Tehran has dismissed West's demands as politically tainted and illogical, stressing that sanctions and pressures merely consolidate Iranians' national resolve to continue the path.

A recently imposed set of extra sanctions by the US and its European allies on gasoline supplies to Iran revealed how anti-Iran sanctions backfire.

Iran used to be a net importer of gasoline until very recently, but after the western powers signaled that they intended to use gasoline supply to Iran as a pressure lever to stop the country's nuclear progress, Iran started domestic production of gasoline to the world surprise.

Iran increased its gasoline production after the United States and the European Union started approving their own unilateral sanctions against the Islamic Republic over its nuclear program, mostly targeting the country's energy and banking sectors, including a US boycott of gasoline supplies to Iran.

After the UN Security Council ratified a sanctions resolution against Iran on June 9, the US Senate passed a legislation to expand sanctions on foreign companies that invest in Iran's energy sector and those foreign companies that sell refined petroleum to Iran or help develop its refining capacity.

The bill, which later received the approval of the House of Representatives, said companies that continue to sell gasoline and other refined oil products to Iran would be banned from receiving Energy Department contracts to deliver crude to the US Strategic Petroleum Reserve. The bill was then signed into law by US President Barack Obama.

But Iran's self-sufficiency in gasoline production made Washington's plots fall flat. Iran boosted gasoline production so much that in September 2010, the country exported its first gasoline consignment to the foreign markets.

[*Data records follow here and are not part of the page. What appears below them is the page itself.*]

(* We have $h_s(2) = 6$ and $h_s(3) = 12$.
   Context: A real matrix is called totally $1$-submodular if every square submatrix (of every size) has determinant of absolute value at most $1$. For $t \in \mathbb{R}^m$ and $A\in\mathbb{R}^{m\times n}$ with columns $A_1,\dots,A_n$, $t+A$ denotes the matrix with columns $t+A_1,\dots,t+A_n$. The shifted Heller constant $h_s(m)$ is the maximum $n$ such that there exist a vector $t \in [0,1)^m\setminus\{\mathbf 0\}$ and a matrix $A \in \{-1,0,1\}^{m\times n}$ with pairwise distinct columns such that $t+A$ is totally $1$-submodular. *)

From HB Require Import structures.
From mathcomp Require Import all_boot all_order all_algebra.
From mathcomp Require Import reals.
Set Implicit Arguments. Unset Strict Implicit. Unset Printing Implicit Defensive.
Import Order.TTheory GRing.Theory Num.Theory.
Local Open Scope ring_scope.

Definition totally_1_submodular (R : numDomainType) (m n : nat)
    (M : 'M[R]_(m, n)) : Prop :=
  forall (k : nat) (f : 'I_k -> 'I_m) (g : 'I_k -> 'I_n),
    injective f -> injective g ->
    `|\det (\matrix_(i < k, j < k) M (f i) (g j))| <= 1.

Definition shift_mx (R : numDomainType) (m n : nat)
    (t : 'cV[R]_m) (A : 'M[int]_(m, n)) : 'M[R]_(m, n) :=
  \matrix_(i < m, j < n) (t i ord0 + (A i j)%:~R).

Definition shifted_heller_feasible (R : realType) (m n : nat) : Prop :=
  exists (t : 'cV[R]_m) (A : 'M[int]_(m, n)),
    [/\ forall i, 0 <= t i ord0 < 1,
        t != 0,
        forall i j, A i j \in [:: -1; 0; 1],
        injective (fun j => col j A)
      & totally_1_submodular (shift_mx t A)].

Definition shifted_heller_constant_is (R : realType) (m N : nat) : Prop :=
  shifted_heller_feasible R m N /\
  forall n : nat, shifted_heller_feasible R m n -> (n <= N)%N.

From HB Require Import structures.
From mathcomp Require Import all_boot all_order all_algebra.
From mathcomp Require Import reals.
From mathcomp Require Import perm ring lra zify.
Set Implicit Arguments. Unset Strict Implicit. Unset Printing Implicit Defensive.
Import Order.TTheory GRing.Theory Num.Theory.
Local Open Scope ring_scope.

(* An entry t_i + 1 > 1 is excluded, so a row with t_i > 0 has
   entries in {-1, 0}; with p such rows the distinct columns number at most
   2^p 3^(m-p).  As t <> 0 forces p >= 1, this gives h_s(2) <= 6, and
   h_s(3) <= 12 unless exactly one row is shifted.  In that case the 18
   candidate columns split into six triples, and no triple can occur entirely
   because some minor of its three columns has absolute value > 1 for every
   shift in (0, 1).
   Lower bounds.  t = (1/2, 0), resp. (1/2, 1/2, 0), together with all the
   candidate columns: all minors of 2 (t + A) are integers and are checked by
   computation. *)

Section Minors.
Variables (R : comNzRingType) (I J : Type) (F : I -> J -> R).

Definition minor2 i1 i2 j1 j2 : R := F i1 j1 * F i2 j2 - F i1 j2 * F i2 j1.

Definition minor3 i1 i2 i3 j1 j2 j3 : R :=
  F i1 j1 * minor2 i2 i3 j2 j3 - F i1 j2 * minor2 i2 i3 j1 j3
  + F i1 j3 * minor2 i2 i3 j1 j2.

Lemma det_submx22 (f : 'I_2 -> I) (g : 'I_2 -> J) :
  \det (\matrix_(a, b) F (f a) (g b)) = minor2 (f 0) (f 1) (g 0) (g 1).
Proof.
rewrite (expand_det_row _ 0) !big_ord_recr big_ord0 /= /cofactor !det_mx11 !mxE /=.
rewrite /minor2 add0r expr0 expr1 !mul1r mulN1r mulrN.
by congr (F (f _) (g _) * F (f _) (g _) - F (f _) (g _) * F (f _) (g _)); apply/val_inj.
Qed.

Lemma det_submx33 (f : 'I_3 -> I) (g : 'I_3 -> J) :
  \det (\matrix_(a, b) F (f a) (g b)) = minor3 (f 0) (f 1) (f 2) (g 0) (g 1) (g 2).
Proof.
(* Reindexing by [val] turns the closed ordinal terms produced by the
   Laplace expansion into numerals. *)
pose F' x y := F (f (inord x)) (g (inord y)).
have Fv x y : F (f x) (g y) = F' x y by rewrite /F' !inord_val.
rewrite (expand_det_row _ 0) !big_ord_recr big_ord0 /= /cofactor.
rewrite !(expand_det_row _ 0) !big_ord_recr !big_ord0 /= /cofactor !det_mx11 !mxE /=.
rewrite /minor3 /minor2 !Fv /=.
rewrite -[(1 %% 3)%N]/1%N -[((1 %% 3 + 1 %% 3) %% 3)%N]/2%N -[bump 1 0]/0%N -[bump 2 0]/0%N.
rewrite -[bump 0 0]/1%N -[bump 2 1]/1%N -[bump 0 1]/2%N -[bump 1 1]/2%N.
ring.
Qed.

End Minors.

Section Submatrices.
Variables (R : numDomainType) (m n : nat) (M : 'M[R]_(m, n)).
Hypothesis M1 : totally_1_submodular M.

Lemma totally_1_submodular_submx k (f : 'I_k -> 'I_m) (g : 'I_k -> 'I_n) :
  injective f -> injective g -> totally_1_submodular (\matrix_(a, b) M (f a) (g b)).
Proof.
move=> f_inj g_inj l f' g' f'_inj g'_inj.
rewrite (_ : \matrix_(a, b) _ = \matrix_(a, b) M (f (f' a)) (g (g' b))).
  exact: M1 (inj_comp f_inj f'_inj) (inj_comp g_inj g'_inj).
by apply/matrixP => a b; rewrite !mxE.
Qed.

Lemma totally_1_submodular_entry i j : `|M i j| <= 1.
Proof.
have ord1_inj (T : Type) (x : T) : injective (fun _ : 'I_1 => x).
  by move=> a b _; rewrite (ord1 a) (ord1 b).
by have := M1 (ord1_inj _ i) (ord1_inj _ j); rewrite det_mx11 mxE.
Qed.

End Submatrices.

Lemma det_intr_submx_div (R : fieldType) k (I J : Type) (B : I -> J -> int) (d : R)
    (f : 'I_k -> I) (g : 'I_k -> J) :
  \det (\matrix_(a, b) ((B (f a) (g b))%:~R / d))
  = (\det (\matrix_(a, b) B (f a) (g b)))%:~R / d ^+ k.
Proof.
have -> : \matrix_(a, b) ((B (f a) (g b))%:~R / d)
          = d^-1 *: map_mx intr (\matrix_(a, b) B (f a) (g b)).
  by apply/matrixP => a b; rewrite !mxE mulrC.
by rewrite detZ det_map_mx exprVn mulrC.
Qed.

Lemma norm_intr_div_le1 (R : numFieldType) (x : int) (c : nat) :
  (0 < c)%N -> `|x| <= c%:Z -> `|x%:~R / c%:R : R| <= 1.
Proof.
move=> c_gt0 x_le; rewrite normrM normfV normr_nat ler_pdivrMr ?ltr0n // mul1r.
by rewrite -intr_norm -[c%:R]/((c%:Z)%:~R : R) ler_int.
Qed.

(* Unlike [[forall i : 'I_n, P i]], this reduces by computation: [card] and
   [enum] are locked. *)
Definition forall_lt (n : nat) (P : pred nat) : bool := all P (iota 0 n).

Lemma forall_ltP n (P : pred nat) : reflect (forall i : 'I_n, P i) (forall_lt n P).
Proof.
apply: (iffP allP) => [P_all i | P_ord i]; first by apply: P_all; rewrite mem_iota ltn_ord.
by rewrite mem_iota add0n => /andP[_ i_lt]; exact: P_ord (Ordinal i_lt).
Qed.

Definition bounded_minors3 (m n d : nat) (B : nat -> nat -> int) : bool :=
  [&& forall_lt m (fun i => forall_lt n (fun j => `|B i j| <= d%:Z)),
      forall_lt m (fun i1 => forall_lt m (fun i2 =>
        forall_lt n (fun j1 => forall_lt n (fun j2 =>
        `|minor2 B i1 i2 j1 j2| <= (d ^ 2)%:Z)))) &
      forall_lt m (fun i1 => forall_lt m (fun i2 => forall_lt m (fun i3 =>
        forall_lt n (fun j1 => forall_lt n (fun j2 => forall_lt n (fun j3 =>
        `|minor3 B i1 i2 i3 j1 j2 j3| <= (d ^ 3)%:Z))))))].

Lemma totally_1_submodular_of_bounded_minors (R : numFieldType) m n d
    (B : nat -> nat -> int) :
  (m <= 3)%N -> (0 < d)%N -> bounded_minors3 m n d B ->
  totally_1_submodular (\matrix_(i < m, j < n) ((B i j)%:~R / d%:R) : 'M[R]_(m, n)).
Proof.
move=> m_le3 d_gt0 /and3P[B1 B2 B3] k f g f_inj g_inj.
have k_le_m : (k <= m)%N.
  by rewrite -[k]card_ord -[m in (_ <= m)%N]card_ord (leq_card _ f_inj).
rewrite (_ : \matrix_(a, b) _ = \matrix_(a, b) ((B (f a) (g b))%:~R / d%:R)); last first.
  by apply/matrixP => a b; rewrite !mxE.
rewrite det_intr_submx_div -natrX; apply: norm_intr_div_le1; first by rewrite expn_gt0 d_gt0.
case: k f g {f_inj g_inj} k_le_m => [|[|[|[|k]]]] f g k_le_m.
- by rewrite det_mx00 normr1.
- rewrite det_mx11 mxE expn1.
  by move/forall_ltP: B1 => /(_ (f 0))/forall_ltP/(_ (g 0)).
- rewrite det_submx22.
  move/forall_ltP: B2 => /(_ (f 0))/forall_ltP/(_ (f 1)).
  by move=> /forall_ltP/(_ (g 0))/forall_ltP/(_ (g 1)).
- rewrite det_submx33.
  move/forall_ltP: B3 => /(_ (f 0))/forall_ltP/(_ (f 1))/forall_ltP/(_ (f 2)).
  by move=> /forall_ltP/(_ (g 0))/forall_ltP/(_ (g 1))/forall_ltP/(_ (g 2)).
- by have := leq_trans k_le_m m_le3.
Qed.

(* Encodes t = T / d: the minors of d (t + A) = T + d A are integers. *)
Definition shifted_certificate (m n d : nat) (T : nat -> nat) (A : nat -> nat -> int) : bool :=
  [&& forall_lt m (fun i => T i < d)%N, has (fun i => T i != 0)%N (iota 0 m),
      forall_lt m (fun i => forall_lt n (fun j => A i j \in [:: -1; 0; 1])),
      uniq [seq [seq A i j | i <- iota 0 m] | j <- iota 0 n] &
      bounded_minors3 m n d (fun i j => (T i)%:Z + d%:Z * A i j)].

Lemma shifted_heller_feasible_of_certificate (R : realType) m n d T A :
  (m <= 3)%N -> shifted_certificate m n d T A -> shifted_heller_feasible R m n.
Proof.
move=> m_le3 /and5P[/forall_ltP T_lt /hasP[i0 i0_in Ti0] /forall_ltP A_vals A_uniq BA].
have i0_lt : (i0 < m)%N by move: i0_in; rewrite mem_iota.
have d_gt0 : (0 < d)%N := leq_ltn_trans (leq0n _) (T_lt (Ordinal i0_lt)).
have d_neq0 : d%:R != 0 :> R by rewrite pnatr_eq0 -lt0n.
pose t : 'cV[R]_m := \col_i ((T i)%:R / d%:R).
exists t, (\matrix_(i, j) A i j); split.
- move=> i; rewrite mxE divr_ge0 ?ler0n //= ltr_pdivrMr ?ltr0n // mul1r ltr_nat.
  exact: T_lt.
- apply/eqP => /matrixP/(_ (Ordinal i0_lt) 0)/eqP.
  by rewrite !mxE mulf_eq0 invr_eq0 (negPf d_neq0) pnatr_eq0 (negPf Ti0).
- by move=> i j; rewrite mxE; move/forall_ltP: (A_vals i); apply.
- move=> j j' /matrixP col_eq; apply/val_inj/eqP.
  rewrite -(nth_uniq [::] _ _ A_uniq) ?size_map ?size_iota ?ltn_ord //.
  rewrite !(nth_map 0%N) ?size_iota ?ltn_ord // !nth_iota ?ltn_ord // !add0n.
  apply/eqP/eq_in_map => i; rewrite mem_iota => /andP[_ i_lt].
  by have := col_eq (Ordinal i_lt) 0; rewrite !mxE.
- rewrite (_ : shift_mx _ _ = \matrix_(i, j) ((((T i)%:Z + d%:Z * A i j)%:~R) / d%:R)).
    exact: totally_1_submodular_of_bounded_minors m_le3 d_gt0 BA.
  apply/matrixP => i j; rewrite !mxE intrD intrM.
  by field.
Qed.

And in a final move to show its resolve, Iran on Thursday sold its first gasoline consignment through the Kish Island oil bourse in a final step in launching the country's petroleum bourse.

"The Bandar Abbas Refining Company sold 20,000 tons of its export gasoline at Iran's international mercantile bourse on the Kish Island," Ali Akbar Hashemian, the director general of Iran's Mercantile Exchange Company, said on Thursday.

Hashemian said the sale of gasoline on the stock market was the third and final phase in launching the country's petroleum bourse.

He added that the National Iranian Oil Products Company (NIOPDC) has agreed to put up at least 30,000 tons of gasoline for sale every month on the Kish bourse.